23. Juli 2015 · Kommentare deaktiviert für EU-Militäreinsatz: „Europol-Geheimdienstzelle auf Sizilien hilflos“ · Kategorien: Europa, Italien, Libyen · Tags: , ,

Quelle: Telepolis/Heise

von Thomas Pany

Europol-Vizechef van Gemert: Zu wenig Wissen über Schlepper, kaum Chancen gegen die nordafrikanischen Fluchthelfer-Netzwerke

Um die illegale Zuwanderung über das Mittelmeer einzudämmen, fasste die EU den Plan, die Netzwerke der Schleuser und Schlepper zu schwächen. Das Geschäftsmodell soll zerschlagen werden, hieß es in einem Strategiepapier.
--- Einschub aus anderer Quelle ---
(* The codeword of x has weight wt(x) = #{d in D_f | Tr(x d) = 1}.  Since Tr(w .) takes the
   value 1 exactly 2^(m-1) times for w <> 0, the Walsh transform expands as
   hat f(0) = 2^m - 2 n_f and hat f(w) = 4 wt(w) - 2 n_f for w <> 0.  Bentness thus forces
   n_f = 2k with k = 2^(m-2) +- 2^((m-4)/2), and wt(w) = k +- 2^((m-4)/2) for all w <> 0;
   in particular x |-> codeword x is injective.  The two multiplicities are determined by
   their sum 2^m - 1 and the first moment sum_w wt(w) = n_f 2^(m-1). *)

Section Trace.
Variables (F : finFieldType) (m : nat).
Hypotheses (cardF : #|F| = (2 ^ m)%N) (m_gt0 : (0 < m)%N).

Let pchar2 : 2%N \in [pchar F]. Proof. exact: (card_finPcharP cardF). Qed.

Lemma TrD (x y : F) : Tr m (x + y) = Tr m x + Tr m y.
Proof.
rewrite /Tr -big_split; apply: eq_bigr => i _; apply: exprDn_pchar.
by rewrite pnatX (pnatE _ (isT : prime 2)) pchar2.
Qed.

Lemma Tr0 : Tr m (0 : F) = 0.
Proof. by rewrite /Tr big1 // => i _; rewrite expr0n expn_eq0. Qed.

Lemma Tr_sqr (x : F) : Tr m x ^+ 2 = Tr m x.
Proof.
have -> : Tr m x ^+ 2 = \sum_(i < m) x ^+ (2 ^ i.+1).
  rewrite -[_ ^+ 2]/(pFrobenius_aut pchar2 _) rmorph_sum.
  by apply: eq_bigr => i _; rewrite /= pFrobenius_autE -exprM expnSr.
rewrite /Tr -(prednK m_gt0) big_ord_recr big_ord_recl /= addrC prednK //.
by rewrite -cardF expf_card expn0 expr1.
Qed.

Lemma Tr_bit (x : F) : Tr m x = 0 \/ Tr m x = 1.
Proof.
have /eqP : Tr m x * (Tr m x - 1) = 0 by rewrite mulrBr mulr1 -expr2 Tr_sqr subrr.
by rewrite mulf_eq0 subr_eq0 => /orP[] /eqP; [left | right].
Qed.

Definition trb (x : F) : bool := Tr m x == 1.

Lemma trbD (x y : F) : trb (x + y) = trb x (+) trb y.
Proof.
have one_add_one : (1 + 1 : F) = 0 by have /andP[_ /eqP] := pchar2.
rewrite /trb TrD; case: (Tr_bit x) => ->; case: (Tr_bit y) => ->;
  by rewrite ?addr0 ?add0r ?one_add_one ?eqxx // eq_sym oner_eq0.
Qed.

Lemma trbB (x y : F) : trb (x - y) = trb x (+) trb y.
Proof. by rewrite -[in RHS](subrK y x) [in RHS]trbD -addbA addbb addbF. Qed.

Lemma trb0 : trb 0 = false.
Proof. by rewrite /trb Tr0 eq_sym oner_eq0. Qed.

(* The trace is a nonzero polynomial of degree 2^(m-1) < #|F|, so it cannot vanish on all of F. *)
Lemma exists_trb : exists z : F, trb z.
Proof.
have [z trb_z | trb_false] := pickP trb; first by exists z.
pose q : {poly F} := \sum_(i < m) 'X^(2 ^ i).
have q_coef1 : q`_1 = 1.
  rewrite /q coef_sum -(prednK m_gt0) big_ord_recl big1 ?coefXn ?addr0 // => i _.
  by rewrite coefXn /bump /= expnS mul2n; case: eqP => // /(congr1 odd); rewrite odd_double.
have q_neq0 : q != 0.
  by apply: contra_eq_neq q_coef1 => ->; rewrite coef0 eq_sym oner_eq0.
have q_roots : all (root q) (enum F).
  apply/allP => z _; rewrite /root horner_sum.
  under eq_bigr do rewrite hornerXn.
  have [Trz0 | Trz1] := Tr_bit z; first by rewrite -/(Tr m z) Trz0.
  by have := trb_false z; rewrite /trb Trz1 eqxx.
have := max_poly_roots q_neq0 q_roots (enum_uniq F).
rewrite -cardE cardF ltnNge => /negP[].
apply: leq_trans (size_sum _ _ _) _; apply/bigmax_leqP => i _.
by rewrite size_polyXn ltn_exp2l.
Qed.

Lemma sum_trb : (\sum_(x : F) trb x)%N = (2 ^ m.-1)%N.
Proof.
have [z trb_z] := exists_trb.
have trb_balanced : (\sum_(x : F) trb x)%N = (\sum_(x : F) ~~ trb x)%N.
  by rewrite (reindex_inj (addIr z)); apply: eq_bigr => x _; rewrite trbD trb_z addbT.
have : (\sum_(x : F) trb x + \sum_(x : F) ~~ trb x)%N = (2 ^ m)%N.
  by rewrite -big_split -cardF -sum1_card; apply: eq_bigr => x _; case: (trb x).
by rewrite -trb_balanced -(prednK m_gt0) expnS prednK //; lia.
Qed.

Lemma sum_trbMr (y : F) : y != 0 -> (\sum_(x : F) trb (x * y)%R)%N = (2 ^ m.-1)%N.
Proof. by move=> y_neq0; rewrite -sum_trb [RHS](reindex_inj (mulIf y_neq0)). Qed.

End Trace.

Lemma sum_nat_bool (T : finType) (P : pred T) : (\sum_(x : T) P x)%N = #|[set x | P x]|.
Proof. by rewrite -sum1dep_card [RHS]big_mkcond; apply: eq_bigr => x _; case: (P x). Qed.

Section TraceCode.
Variables (F : finFieldType) (m : nat) (D : {set F}).

Definition trace_weight (x : F) : nat := (\sum_(y in D) trb m (x * y)%R)%N.

Lemma wt_codeword (x : F) : wt (codeword m D x) = trace_weight x.
Proof.
rewrite /wt -sum_nat_bool /trace_weight (big_enum_val (fun y => trb m (x * y)%R : nat)).
by apply: eq_bigr => i _; rewrite ffunE.
Qed.

Lemma trace_weight0 : trace_weight 0 = 0%N.
Proof. by rewrite /trace_weight big1 // => y _; rewrite mul0r trb0. Qed.

Hypotheses (cardF : #|F| = (2 ^ m)%N) (m_gt0 : (0 < m)%N).

Lemma codeword0 : codeword m D 0 = zero_word #|D|.
Proof. by apply/ffunP => i; rewrite !ffunE mul0r -/(trb m 0) trb0. Qed.

Lemma codewordB (x y : F) :
  codeword m D (x - y) = [ffun i => codeword m D x i (+) codeword m D y i].
Proof. by apply/ffunP => i; rewrite !ffunE mulrBl -/(trb m _) trbB. Qed.

Hypothesis trace_weight_gt0 : forall x, x != 0 -> (0 < trace_weight x)%N.

Lemma codeword_inj : injective (codeword m D).
Proof.
move=> x y eq_xy; apply/eqP; rewrite -subr_eq0; apply: contraTT isT => xy_neq0.
have := trace_weight_gt0 xy_neq0; rewrite -wt_codeword codewordB eq_xy.
by rewrite /wt -sum_nat_bool big1 // => i _; rewrite ffunE addbb.
Qed.

Lemma codeword_eq0 (x : F) : (codeword m D x == zero_word #|D|) = (x == 0).
Proof. by rewrite -codeword0 (inj_eq codeword_inj). Qed.

Lemma card_code : #|code m D| = #|F|.
Proof. exact: card_imset codeword_inj. Qed.

Lemma wmult_code (w : nat) : wmult (code m D) w = #|[set x | trace_weight x == w]|.
Proof.
rewrite /wmult -[RHS](card_imset _ codeword_inj); apply: eq_card => c.
rewrite !inE; apply/andP/imsetP => [[/imsetP[x _ ->]] | [x]].
  by rewrite wt_codeword => tw_x; exists x; rewrite ?inE.
by rewrite inE => tw_x ->; rewrite imset_f // wt_codeword.
Qed.

Lemma nz_weights_code :
  nz_weights (code m D) = [set inord (trace_weight x) | x in [set x : F | x != 0]].
Proof.
apply/setP => w; apply/imsetP/imsetP => [[c] | [x]].
  rewrite inE => /andP[/imsetP[x _ ->]]; rewrite codeword_eq0 wt_codeword => x_neq0 ->.
  by exists x; rewrite ?inE.
rewrite inE => x_neq0 ->; exists (codeword m D x); last by rewrite wt_codeword.
by rewrite inE imset_f //= codeword_eq0.
Qed.

Lemma is_min_dist_code (d : nat) :
    (exists2 x, x != 0 & trace_weight x = d) ->
    (forall x, x != 0 -> (d <= trace_weight x)%N) ->
  is_min_dist (code m D) d.
Proof.
move=> [x x_neq0 tw_x] d_le; split.
  by exists (codeword m D x); rewrite ?imset_f // codeword_eq0 x_neq0 wt_codeword tw_x /=.
by move=> _ /imsetP[y _ ->]; rewrite codeword_eq0 wt_codeword; apply: d_le.
Qed.

End TraceCode.

Section Walsh.
Variables (F : finFieldType) (m : nat) (f : F -> bool).
Hypotheses (cardF : #|F| = (2 ^ m)%N) (m_gt0 : (0 < m)%N).

Local Notation D := (supp f).

Lemma card_supp : #|D| = (\sum_(y : F) f y)%N.
Proof. by rewrite sum_nat_bool. Qed.

Lemma trace_weight_supp (x : F) :
  trace_weight m D x = (\sum_(y : F) (f y && trb m (x * y)%R))%N.
Proof. by rewrite /trace_weight big_mkcond; apply: eq_bigr => y _; rewrite inE; case: (f y). Qed.

Lemma sign_addn (a b : bool) :
  (-1 : int) ^+ (a + b)%N = 1 - 2 * (a : nat)%:R - 2 * (b : nat)%:R + 4 * (a && b : nat)%:R.
Proof. by case: a; case: b. Qed.

Lemma walshE (w : F) : walsh m f w =
  (2 ^ m)%N%:R - 2 * #|D|%:R - 2 * (\sum_(y : F) trb m (w * y)%R)%N%:R
    + 4 * (trace_weight m D w)%:R.
Proof.
rewrite /walsh card_supp trace_weight_supp -cardF !natr_sum !mulr_sumr -sumr_const.
by rewrite -!sumrB -big_split; apply: eq_bigr => y _; rewrite sign_addn mulrC.
Qed.

Lemma walsh0 : walsh m f 0 = (2 ^ m)%N%:R - 2 * #|D|%:R.
Proof.
rewrite walshE trace_weight0 big1 => [|y _]; last by rewrite mul0r trb0.
by rewrite mulr0 addr0 subr0.
Qed.

Lemma walsh_neq0 (w : F) : w != 0 -> walsh m f w = 4 * (trace_weight m D w)%:R - 2 * #|D|%:R.
Proof.
move=> w_neq0; rewrite walshE; under eq_bigr do rewrite mulrC.
by rewrite sum_trbMr // -(prednK m_gt0) expnS prednK // natrM; ring.
Qed.

Lemma sum_trace_weight : f 0 = false ->
  (\sum_(x : F) trace_weight m D x)%N = (#|D| * 2 ^ m.-1)%N.
Proof.
move=> f0; rewrite /trace_weight exchange_big /= -sum_nat_const; apply: eq_bigr => y Dy.
have y_neq0 : y != 0 by apply: contraTneq Dy => ->; rewrite inE f0.
exact: sum_trbMr.
Qed.

End Walsh.

Lemma solve_two_counts (R : numFieldType) (a b e k t : R) :
    e != 0 -> a + b + 1 = t -> e * a = e * b + k ->
  b = (t - 1 - k / e) / 2 /\ a = (t - 1 + k / e) / 2.
Proof.
move=> e_neq0 sum_ab diff_ab; have -> : k = e * a - e * b by rewrite diff_ab addrAC subrr add0r.
by rewrite -sum_ab; split; field.
Qed.

Section BentCode.
Variables (F : finFieldType) (m : nat) (f : F -> bool).
Hypotheses (cardF : #|F| = (2 ^ m)%N) (m_ge4 : (4 <= m)%N) (m_even : ~~ odd m).
Hypotheses (f_bent : is_bent m f) (f0 : f 0 = false).

Local Notation D := (supp f).
Local Notation n := #|D|.
Local Notation tw := (trace_weight m D).

Let m_gt0 : (0 < m)%N. Proof. exact: leq_trans m_ge4. Qed.
Let e := (2 ^ (m - 4)./2)%N.
Let k := n./2.

Let e_gt0 : (0 < e)%N. Proof. by rewrite expn_gt0. Qed.

Lemma m_double : m = ((m - 4)./2 + 2).*2.
Proof. by have := odd_double_half m; rewrite (negbTE m_even); lia. Qed.

Lemma expn2_m : (2 ^ m = 16 * (e * e))%N.
Proof. by rewrite {1}m_double -addnn !expnD mulnACA mulnC. Qed.

Lemma expn2_pred_m : (2 ^ m.-1 = 8 * (e * e))%N.
Proof. by have := expn2_m; rewrite -(prednK m_gt0) expnS /=; lia. Qed.

Lemma expn2_half_m : (2 ^ m./2 = 4 * e)%N.
Proof. by rewrite {1}m_double doubleK expnD /e mulnC. Qed.

Lemma expn2_half_m2 : (2 ^ (m - 2)./2 = 2 * e)%N.
Proof.
have -> : ((m - 2)./2 = (m - 4)./2 + 1)%N by rewrite {1}m_double; lia.
by rewrite expnD mulnC.
Qed.

Lemma half_supp_bent : n = (2 * k)%N /\ (k = 4 * (e * e) + e \/ k + e = 4 * (e * e))%N.
Proof. by have := f_bent 0; rewrite walsh0 // expn2_half_m expn2_m /k; lia. Qed.

Lemma trace_weight_bent (x : F) : x != 0 -> (tw x + e = k \/ tw x = k + e)%N.
Proof.
move=> x_neq0; have := f_bent x; rewrite walsh_neq0 // expn2_half_m.
by have := half_supp_bent; lia.
Qed.

Lemma trace_weight_bent_gt0 (x : F) : x != 0 -> (0 < tw x)%N.
Proof.
move=> /trace_weight_bent; have := half_supp_bent; have := e_gt0; nia.
Qed.

Let N_lo := #|[set x | tw x == (k - e)%N]|.
Let N_hi := #|[set x | tw x == (k + e)%N]|.

Lemma weight_counts_bent : (N_hi + N_lo + 1 = 16 * (e * e) /\ e * N_hi = e * N_lo + k)%N.
Proof.
have tw_split (x : F) :
    (nat_of_bool (x != 0%R) = (tw x == k - e)%N + (tw x == k + e)%N /\
     tw x = (k - e) * (tw x == k - e)%N + (k + e) * (tw x == k + e)%N)%N.
  have := half_supp_bent; have := e_gt0.
  have [-> | /trace_weight_bent] := eqVneq x 0; last by lia.
  by rewrite trace_weight0; nia.
have count_nonzero : (N_lo + N_hi = 16 * (e * e) - 1)%N.
  rewrite /N_lo /N_hi -!sum_nat_bool -big_split -expn2_m -cardF subn1.
  rewrite -(cardC1 (0 : F)) -sum1_card [RHS]big_mkcond /=.
  by apply: eq_bigr => x _; rewrite inE; case: (tw_split x) => <-.
have sum_weights : ((k - e) * N_lo + (k + e) * N_hi = 2 * k * (8 * (e * e)))%N.
  rewrite -expn2_pred_m -(proj1 half_supp_bent) -sum_trace_weight // /N_lo /N_hi -!sum_nat_bool.
  rewrite !big_distrr -big_split; apply: eq_bigr => x _; exact/esym/(proj2 (tw_split x)).
by have := half_supp_bent; have := e_gt0; nia.
Qed.

Lemma weight_counts_bent_gt0 : (0 < N_lo)%N /\ (0 < N_hi)%N.
Proof. by have := weight_counts_bent; have := half_supp_bent; have := e_gt0; nia. Qed.

Lemma trace_weight_bent_attained (w : nat) :
  (w == k - e)%N || (w == k + e)%N -> exists2 x : F, x != 0 & tw x = w.
Proof.
move=> w_cases; have [N_lo_gt0 N_hi_gt0] := weight_counts_bent_gt0.
have [x x_w] : exists x, x \in [set x | tw x == w].
  by apply/card_gt0P; case/orP: w_cases => /eqP->.
move: x_w; rewrite inE => /eqP tw_x; exists x => //.
apply: contra_eq_neq tw_x => ->; rewrite trace_weight0.
by move: w_cases; have := half_supp_bent; have := e_gt0; nia.
Qed.

Lemma card_code_bent : #|code m D| = (2 ^ m)%N.
Proof. by rewrite (card_code cardF m_gt0 trace_weight_bent_gt0). Qed.

Lemma min_dist_bent : is_min_dist (code m D) (k - e).
Proof.
apply: (is_min_dist_code cardF m_gt0 trace_weight_bent_gt0).
  by apply: trace_weight_bent_attained; rewrite eqxx.
by move=> x /trace_weight_bent; lia.
Qed.

Lemma nz_weights_bent : nz_weights (code m D) = [set inord (k - e); inord (k + e)].
Proof.
rewrite (nz_weights_code cardF m_gt0 trace_weight_bent_gt0).
apply/setP => w; rewrite in_set2; apply/imsetP/orP => [[x] | w_cases].
  by rewrite inE => /trace_weight_bent [] tw_x ->; [left | right]; apply/eqP; congr inord; lia.
case: w_cases => /eqP ->;
  [have [|x x_neq0 <-] := @trace_weight_bent_attained (k - e)
  | have [|x x_neq0 <-] := @trace_weight_bent_attained (k + e)];
  by rewrite ?eqxx ?orbT //; exists x; rewrite ?inE.
Qed.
Dazu müssen sie zunächst einmal aufgespürt werden, wie dies kürzlich noch einmal für die Mission EUNAVFOR MED bekundet wurde (Unerwünschte Migration: 39 Schiffe von EU-Mitgliedstaaten kreuzen im Mittelmeer).

In Catania auf Sizilien wurde ein Zentrum für die „EU Task Force“ eingerichtet, an der Mitarbeiter von Europol, Frontex, EASO und Eurojust teilnehmen, um Informationen zu sammeln und auszutauschen:

„Die Agenturen tauschen die Ergebnisse von Verhören aus, denen Geflüchtete nach ihrer Ankunft unterzogen werden. Mit ihren Aussagen über Fluchtrouten sollen mögliche Netzwerke oder Infrastrukturen von Fluchthelfern aufgespürt und zerschlagen werden.“ (Matthias Monroy)

Große Hoffnungen setze der britische Premierminister David Cameron auf die Europol-Geheimdienstzelle in Sizilien, berichtete der Guardian im Juni.

Ein aktuelles Gespräch, das die britische Zeitung mit dem stellvertretenden Direktor von Europol, Wil van Gemert führte, enttäuscht diese Hoffnungen.

Danach befragt, ob man bereits Informationen habe, die zur Identifikation von Schleppern geführt haben oder zu Einsichten in ihre Geschäfte, antwortete van Gemert negativ. Nein, dafür habe man nicht genügend Informationen.

Was man in Sizilien an Informationen sammeln könne, reiche nicht aus, um den Hauptpersonen der Schleppergeschäfte auf die Spur zu kommen, die hunderte von Kilometern entfernt auf einem anderen Kontinent, in einem Bürgerkriegsland, operieren. Es sei ziemlich unmöglich, auch für die Regierung in Libyen selbst, hierzu an ausreichende Informationen zu gelangen.

Auch auf die Nachfrage, ob es denn Möglichkeiten gebe, selbst Informationen in Libyen zu sammeln, um etwas über Schmugglernetzwerke zu erfahren, erhielt der Guardian-Reporter keine positive Antwort. Europol habe keine Vertreter, die in Libyen arbeiten, dafür gebe es auch kein Mandat, weil die EU keine Mission in Libyen habe. Zwar, so Van Gemert, würden Agenten militärischer Geheimdienste Informationen aus Libyen schicken, aber auch dies würde nicht ausreichen, um etwa Schlepperboote ausfindig zu machen, dass man sie zerstören könnte.

„Es reicht nicht, um das Problem auf diese Weise zu lösen. Man muss mehr tun, ganz sicher werden Ermittlungen das Migrationsproblem nicht lösen. Das ist auch ein Fakt.“

Der Europol-Vize-Chef betonte im Gegenzug, dass man mit dem Zentrum in Sizilien gut platziert sei, um Schleppergeschäfte in Italien und Europa zu verfolgen. Allerdings musste er eingestehen, dass ihm unbekannt war, was der Guardian-Reporter bei seinen Recherchen in Catania erfahren hatte, dass die Stadt eine wichtiger Knotenpunkt für Schleusergeschäfte ist trotz des Europol-und Frontex-Zentrums. Er wisse nicht über jedes Detail Bescheid, aber die italienischen Behörden würden es sicher wissen.